TASK STATEMENT: The records shown below are to be repeated exactly and completely.
++++ WORKING DATA ++++
(* For all $b,b'\in\mathbb F_{3^{2m}}$, the vector $(\mathrm{Tr}_{2m}(bt)\,\mathrm{Tr}_{2m}(b't))_{t\in\mathbb F_{3^{2m}}}$ belongs to $\mathcal C_3(\mathbb D_d)$.
   Context: Let $m\ge 2$ be an integer. For $s\in\{m,2m\}$ let $\mathrm{Tr}_s:\mathbb F_{3^s}\to\mathbb F_3$ denote the absolute trace. Vectors in $\mathbb F_3^{3^{2m}}$ are indexed by $\mathbb F_{3^{2m}}$, and a function $f:\mathbb F_{3^{2m}}\to\mathbb F_3$ is identified with $(f(t))_{t\in\mathbb F_{3^{2m}}}$. Let $\mathcal C(2m,3)=\{(\mathrm{Tr}_{2m}(at^{3^m+1}+bt)+h)_{t\in\mathbb F_{3^{2m}}}: a\in\mathbb F_{3^m}, b\in\mathbb F_{3^{2m}}, h\in\mathbb F_3\}$, let $d$ be its minimum nonzero Hamming weight, let $\mathbb D_d$ be the incidence structure on $\mathbb F_{3^{2m}}$ whose blocks are the supports of the weight-$d$ codewords, and let $\mathcal C_3(\mathbb D_d)$ be the $\mathbb F_3$-span of the incidence vectors of the blocks (entry $1$ on the block, $0$ elsewhere). *)

From HB Require Import structures.
From mathcomp Require Import all_boot all_order all_algebra all_field.
Set Implicit Arguments. Unset Strict Implicit. Unset Printing Implicit Defensive.
Import GRing.Theory.
Local Open Scope ring_scope.

Section Defs.
Variables (F : finFieldType) (m : nat).

Definition Tr2m (x : F) : F := \sum_(i < (2 * m)%N) x ^+ (3 ^ i).

Definition trF3 (x : F) : 'F_3 :=
  odflt 0 [pick k : 'F_3 | ((k : nat)%:R : F) == Tr2m x].

Definition subF : {set F} := [set a : F | a ^+ (3 ^ m) == a].

Local Notation vec := {ffun F -> 'F_3}.

Definition codeC : {set vec} :=
  [set c : vec | [exists a : F, exists b : F, exists h : 'F_3,
     (a \in subF) &&
     (c == [ffun t => trF3 (a * t ^+ (3 ^ m + 1) + b * t) + h])]].

Definition supp (c : vec) : {set F} := [set t | c t != 0].
Definition wt (c : vec) : nat := #|supp c|.

Definition min_wt_codeword (c : vec) : bool :=
  [&& c \in codeC, c != 0 &
      [forall c' in codeC, (c' != 0) ==> (wt c <= wt c')%N]].

Definition is_block (B : {set F}) : bool :=
  [exists c : vec, min_wt_codeword c && (supp c == B)].

Definition incvec (B : {set F}) : vec := [ffun t => if t \in B then 1 else 0].

Definition in_code_of_design (v : vec) : Prop :=
  exists lam : {ffun {set F} -> 'F_3},
    forall t : F, v t = \sum_(B : {set F} | is_block B) lam B * incvec B t.

End Defs.

From HB Require Import structures.
From mathcomp Require Import all_boot all_order all_algebra all_field.
From mathcomp Require Import ring zify.
Import GRing.Theory.
Local Open Scope ring_scope.

(* Write q = 3^m, tr = Tr_{2m} read in F_3, and c_{a,b,h}(t) = tr(a t^(q+1) + b t) + h
   (a in F_q) for the codewords of C(2m,3).
   1. tr is F_3-linear, invariant under Frobenius and onto F_3 on every line u*F.
   2. The substitution t := mu t + r (mu <> 0) sends c_{a,b,h} to another codeword of
      the same weight, hence preserves minimum-weight codewords.
   3. For a minimum-weight codeword c, t |-> c(t)^2 is the incidence vector of its
      support (x^2 = 1 for nonzero x in F_3), so it lies in C_3(D_d).
   4. Some minimum-weight codeword has a <> 0: nonzero codewords with a = 0 have at most
      |F|/3 zeros, while a parity count shows that some level set of tr(t^(q+1)) has
      more than |F|/3 elements.
   5. For a <> 0 there is s <> 0 with tr(a s^(q+1)) = 0; then c(x + s) and c(x - s) are
      c(x) plus/minus a nonconstant affine function l(x), and the F_3 identity
      x^2 + (x+l)^2 + (x-l)^2 = -l^2 puts every tr(e t)^2 into C_3(D_d).
   6. Polarization xy = (x+y)^2 - (x-y)^2 in F_3 concludes. *)

Local Notation vec F := {ffun F -> 'F_3}.

Lemma F3_collision {T : finType} {A : {set T}} (f : T -> 'F_3) : (3 < #|A|)%N ->
  exists x y, [/\ x \in A, y \in A, x != y & f x = f y].
Proof.
move=> A_big; have noninj : ~ {in A &, injective f}.
  move/imset_injP/eqP => card_img; move: (max_card (f @: A)).
  by rewrite card_img card_Fp //; lia.
case: (pickP [pred xy : T * T | [&& xy.1 \in A, xy.2 \in A, xy.1 != xy.2
  & f xy.1 == f xy.2]]) => [[x y] /and4P [xA yA xy /eqP fxy] | none].
  by exists x, y.
case: noninj => x y xA yA fxy; apply/eqP/negPn/negP => xy.
by have := none (x, y); rewrite /= xA yA xy fxy eqxx.
Qed.

Lemma card_fibers {T S : finType} (g : T -> S) :
  (\sum_(v : S) #|[set t | g t == v]|)%N = #|T|.
Proof.
rewrite -sum1_card (partition_big g predT) //=; apply: eq_bigr => v _.
by rewrite sum1dep_card; apply: eq_card => t; rewrite !inE.
Qed.

Lemma below_average_eq {I : finType} (f : I -> nat) (K : nat) :
  (\sum_i f i)%N = K -> (forall i, #|I| * f i <= K)%N -> forall i, (#|I| * f i)%N = K.
Proof.
move=> sumK le_avg w; apply/eqP; rewrite eqn_leq le_avg /=.
have others : (\sum_(i | i != w) #|I| * f i <= #|I|.-1 * K)%N.
  apply: (@leq_trans (\sum_(i | i != w) K)); first by apply: leq_sum => i _.
  by rewrite sum_nat_const -(cardC1 w).
have : (#|I| * K = #|I| * f w + \sum_(i | i != w) #|I| * f i)%N.
  by rewrite -sumK big_distrr /= (bigD1 w).
have : (0 < #|I|)%N by apply/card_gt0P; exists w.
by case: #|I| others => [|n] //= others _; rewrite mulSn; lia.
Qed.

Lemma sqr_F3 (x : 'F_3) : x ^+ 2 = (x != 0)%:R.
Proof. by case: x => [[|[|[|?]]] ?]; apply: val_inj. Qed.

Lemma natr3_F3 : 3%:R = 0 :> 'F_3.
Proof. exact: val_inj. Qed.

Lemma sqr_shifts_F3 (x d : 'F_3) : x ^+ 2 + (x + d) ^+ 2 + (x - d) ^+ 2 = - d ^+ 2.
Proof.
have -> : x ^+ 2 + (x + d) ^+ 2 + (x - d) ^+ 2 = 3%:R * (x ^+ 2 + d ^+ 2) - d ^+ 2.
  by ring.
by rewrite natr3_F3 mul0r add0r.
Qed.

Lemma polarization_F3 (x y : 'F_3) : x * y = (x + y) ^+ 2 + (-1) * (x - y) ^+ 2.
Proof.
have -> : (x + y) ^+ 2 + (-1) * (x - y) ^+ 2 = 3%:R * (x * y) + x * y by ring.
by rewrite natr3_F3 mul0r add0r.
Qed.

Section TraceCode.
Variables (F : finFieldType) (m : nat).
Hypothesis hF : #|F| = (3 ^ (2 * m))%N.

Local Notation q := (3 ^ m)%N.
Local Notation Tr := (@Tr2m F m).
Local Notation tr := (@trF3 F m).

Lemma char3 : (3%N \in [pchar F])%R.
Proof. by apply: (card_finPcharP hF). Qed.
++++
SOLUTION TO THIS EXERCISE:
(* For all $b,b'\in\mathbb F_{3^{2m}}$, the vector $(\mathrm{Tr}_{2m}(bt)\,\mathrm{Tr}_{2m}(b't))_{t\in\mathbb F_{3^{2m}}}$ belongs to $\mathcal C_3(\mathbb D_d)$.
   Context: Let $m\ge 2$ be an integer. For $s\in\{m,2m\}$ let $\mathrm{Tr}_s:\mathbb F_{3^s}\to\mathbb F_3$ denote the absolute trace. Vectors in $\mathbb F_3^{3^{2m}}$ are indexed by $\mathbb F_{3^{2m}}$, and a function $f:\mathbb F_{3^{2m}}\to\mathbb F_3$ is identified with $(f(t))_{t\in\mathbb F_{3^{2m}}}$. Let $\mathcal C(2m,3)=\{(\mathrm{Tr}_{2m}(at^{3^m+1}+bt)+h)_{t\in\mathbb F_{3^{2m}}}: a\in\mathbb F_{3^m}, b\in\mathbb F_{3^{2m}}, h\in\mathbb F_3\}$, let $d$ be its minimum nonzero Hamming weight, let $\mathbb D_d$ be the incidence structure on $\mathbb F_{3^{2m}}$ whose blocks are the supports of the weight-$d$ codewords, and let $\mathcal C_3(\mathbb D_d)$ be the $\mathbb F_3$-span of the incidence vectors of the blocks (entry $1$ on the block, $0$ elsewhere). *)

From HB Require Import structures.
From mathcomp Require Import all_boot all_order all_algebra all_field.
Set Implicit Arguments. Unset Strict Implicit. Unset Printing Implicit Defensive.
Import GRing.Theory.
Local Open Scope ring_scope.

Section Defs.
Variables (F : finFieldType) (m : nat).

Definition Tr2m (x : F) : F := \sum_(i < (2 * m)%N) x ^+ (3 ^ i).

Definition trF3 (x : F) : 'F_3 :=
  odflt 0 [pick k : 'F_3 | ((k : nat)%:R : F) == Tr2m x].

Definition subF : {set F} := [set a : F | a ^+ (3 ^ m) == a].

Local Notation vec := {ffun F -> 'F_3}.

Definition codeC : {set vec} :=
  [set c : vec | [exists a : F, exists b : F, exists h : 'F_3,
     (a \in subF) &&
     (c == [ffun t => trF3 (a * t ^+ (3 ^ m + 1) + b * t) + h])]].

Definition supp (c : vec) : {set F} := [set t | c t != 0].
Definition wt (c : vec) : nat := #|supp c|.

Definition min_wt_codeword (c : vec) : bool :=
  [&& c \in codeC, c != 0 &
      [forall c' in codeC, (c' != 0) ==> (wt c <= wt c')%N]].

Definition is_block (B : {set F}) : bool :=
  [exists c : vec, min_wt_codeword c && (supp c == B)].

Definition incvec (B : {set F}) : vec := [ffun t => if t \in B then 1 else 0].

Definition in_code_of_design (v : vec) : Prop :=
  exists lam : {ffun {set F} -> 'F_3},
    forall t : F, v t = \sum_(B : {set F} | is_block B) lam B * incvec B t.

End Defs.

From HB Require Import structures.
From mathcomp Require Import all_boot all_order all_algebra all_field.
From mathcomp Require Import ring zify.
Import GRing.Theory.
Local Open Scope ring_scope.

(* Write q = 3^m, tr = Tr_{2m} read in F_3, and c_{a,b,h}(t) = tr(a t^(q+1) + b t) + h
   (a in F_q) for the codewords of C(2m,3).
   1. tr is F_3-linear, invariant under Frobenius and onto F_3 on every line u*F.
   2. The substitution t := mu t + r (mu <> 0) sends c_{a,b,h} to another codeword of
      the same weight, hence preserves minimum-weight codewords.
   3. For a minimum-weight codeword c, t |-> c(t)^2 is the incidence vector of its
      support (x^2 = 1 for nonzero x in F_3), so it lies in C_3(D_d).
   4. Some minimum-weight codeword has a <> 0: nonzero codewords with a = 0 have at most
      |F|/3 zeros, while a parity count shows that some level set of tr(t^(q+1)) has
      more than |F|/3 elements.
   5. For a <> 0 there is s <> 0 with tr(a s^(q+1)) = 0; then c(x + s) and c(x - s) are
      c(x) plus/minus a nonconstant affine function l(x), and the F_3 identity
      x^2 + (x+l)^2 + (x-l)^2 = -l^2 puts every tr(e t)^2 into C_3(D_d).
   6. Polarization xy = (x+y)^2 - (x-y)^2 in F_3 concludes. *)

Local Notation vec F := {ffun F -> 'F_3}.

Lemma F3_collision {T : finType} {A : {set T}} (f : T -> 'F_3) : (3 < #|A|)%N ->
  exists x y, [/\ x \in A, y \in A, x != y & f x = f y].
Proof.
move=> A_big; have noninj : ~ {in A &, injective f}.
  move/imset_injP/eqP => card_img; move: (max_card (f @: A)).
  by rewrite card_img card_Fp //; lia.
case: (pickP [pred xy : T * T | [&& xy.1 \in A, xy.2 \in A, xy.1 != xy.2
  & f xy.1 == f xy.2]]) => [[x y] /and4P [xA yA xy /eqP fxy] | none].
  by exists x, y.
case: noninj => x y xA yA fxy; apply/eqP/negPn/negP => xy.
by have := none (x, y); rewrite /= xA yA xy fxy eqxx.
Qed.

Lemma card_fibers {T S : finType} (g : T -> S) :
  (\sum_(v : S) #|[set t | g t == v]|)%N = #|T|.
Proof.
rewrite -sum1_card (partition_big g predT) //=; apply: eq_bigr => v _.
by rewrite sum1dep_card; apply: eq_card => t; rewrite !inE.
Qed.

Lemma below_average_eq {I : finType} (f : I -> nat) (K : nat) :
  (\sum_i f i)%N = K -> (forall i, #|I| * f i <= K)%N -> forall i, (#|I| * f i)%N = K.
Proof.
move=> sumK le_avg w; apply/eqP; rewrite eqn_leq le_avg /=.
have others : (\sum_(i | i != w) #|I| * f i <= #|I|.-1 * K)%N.
  apply: (@leq_trans (\sum_(i | i != w) K)); first by apply: leq_sum => i _.
  by rewrite sum_nat_const -(cardC1 w).
have : (#|I| * K = #|I| * f w + \sum_(i | i != w) #|I| * f i)%N.
  by rewrite -sumK big_distrr /= (bigD1 w).
have : (0 < #|I|)%N by apply/card_gt0P; exists w.
by case: #|I| others => [|n] //= others _; rewrite mulSn; lia.
Qed.

Lemma sqr_F3 (x : 'F_3) : x ^+ 2 = (x != 0)%:R.
Proof. by case: x => [[|[|[|?]]] ?]; apply: val_inj. Qed.

Lemma natr3_F3 : 3%:R = 0 :> 'F_3.
Proof. exact: val_inj. Qed.

Lemma sqr_shifts_F3 (x d : 'F_3) : x ^+ 2 + (x + d) ^+ 2 + (x - d) ^+ 2 = - d ^+ 2.
Proof.
have -> : x ^+ 2 + (x + d) ^+ 2 + (x - d) ^+ 2 = 3%:R * (x ^+ 2 + d ^+ 2) - d ^+ 2.
  by ring.
by rewrite natr3_F3 mul0r add0r.
Qed.

Lemma polarization_F3 (x y : 'F_3) : x * y = (x + y) ^+ 2 + (-1) * (x - y) ^+ 2.
Proof.
have -> : (x + y) ^+ 2 + (-1) * (x - y) ^+ 2 = 3%:R * (x * y) + x * y by ring.
by rewrite natr3_F3 mul0r add0r.
Qed.

Section TraceCode.
Variables (F : finFieldType) (m : nat).
Hypothesis hF : #|F| = (3 ^ (2 * m))%N.

Local Notation q := (3 ^ m)%N.
Local Notation Tr := (@Tr2m F m).
Local Notation tr := (@trF3 F m).

Lemma char3 : (3%N \in [pchar F])%R.
Proof. by apply: (card_finPcharP hF). Qed.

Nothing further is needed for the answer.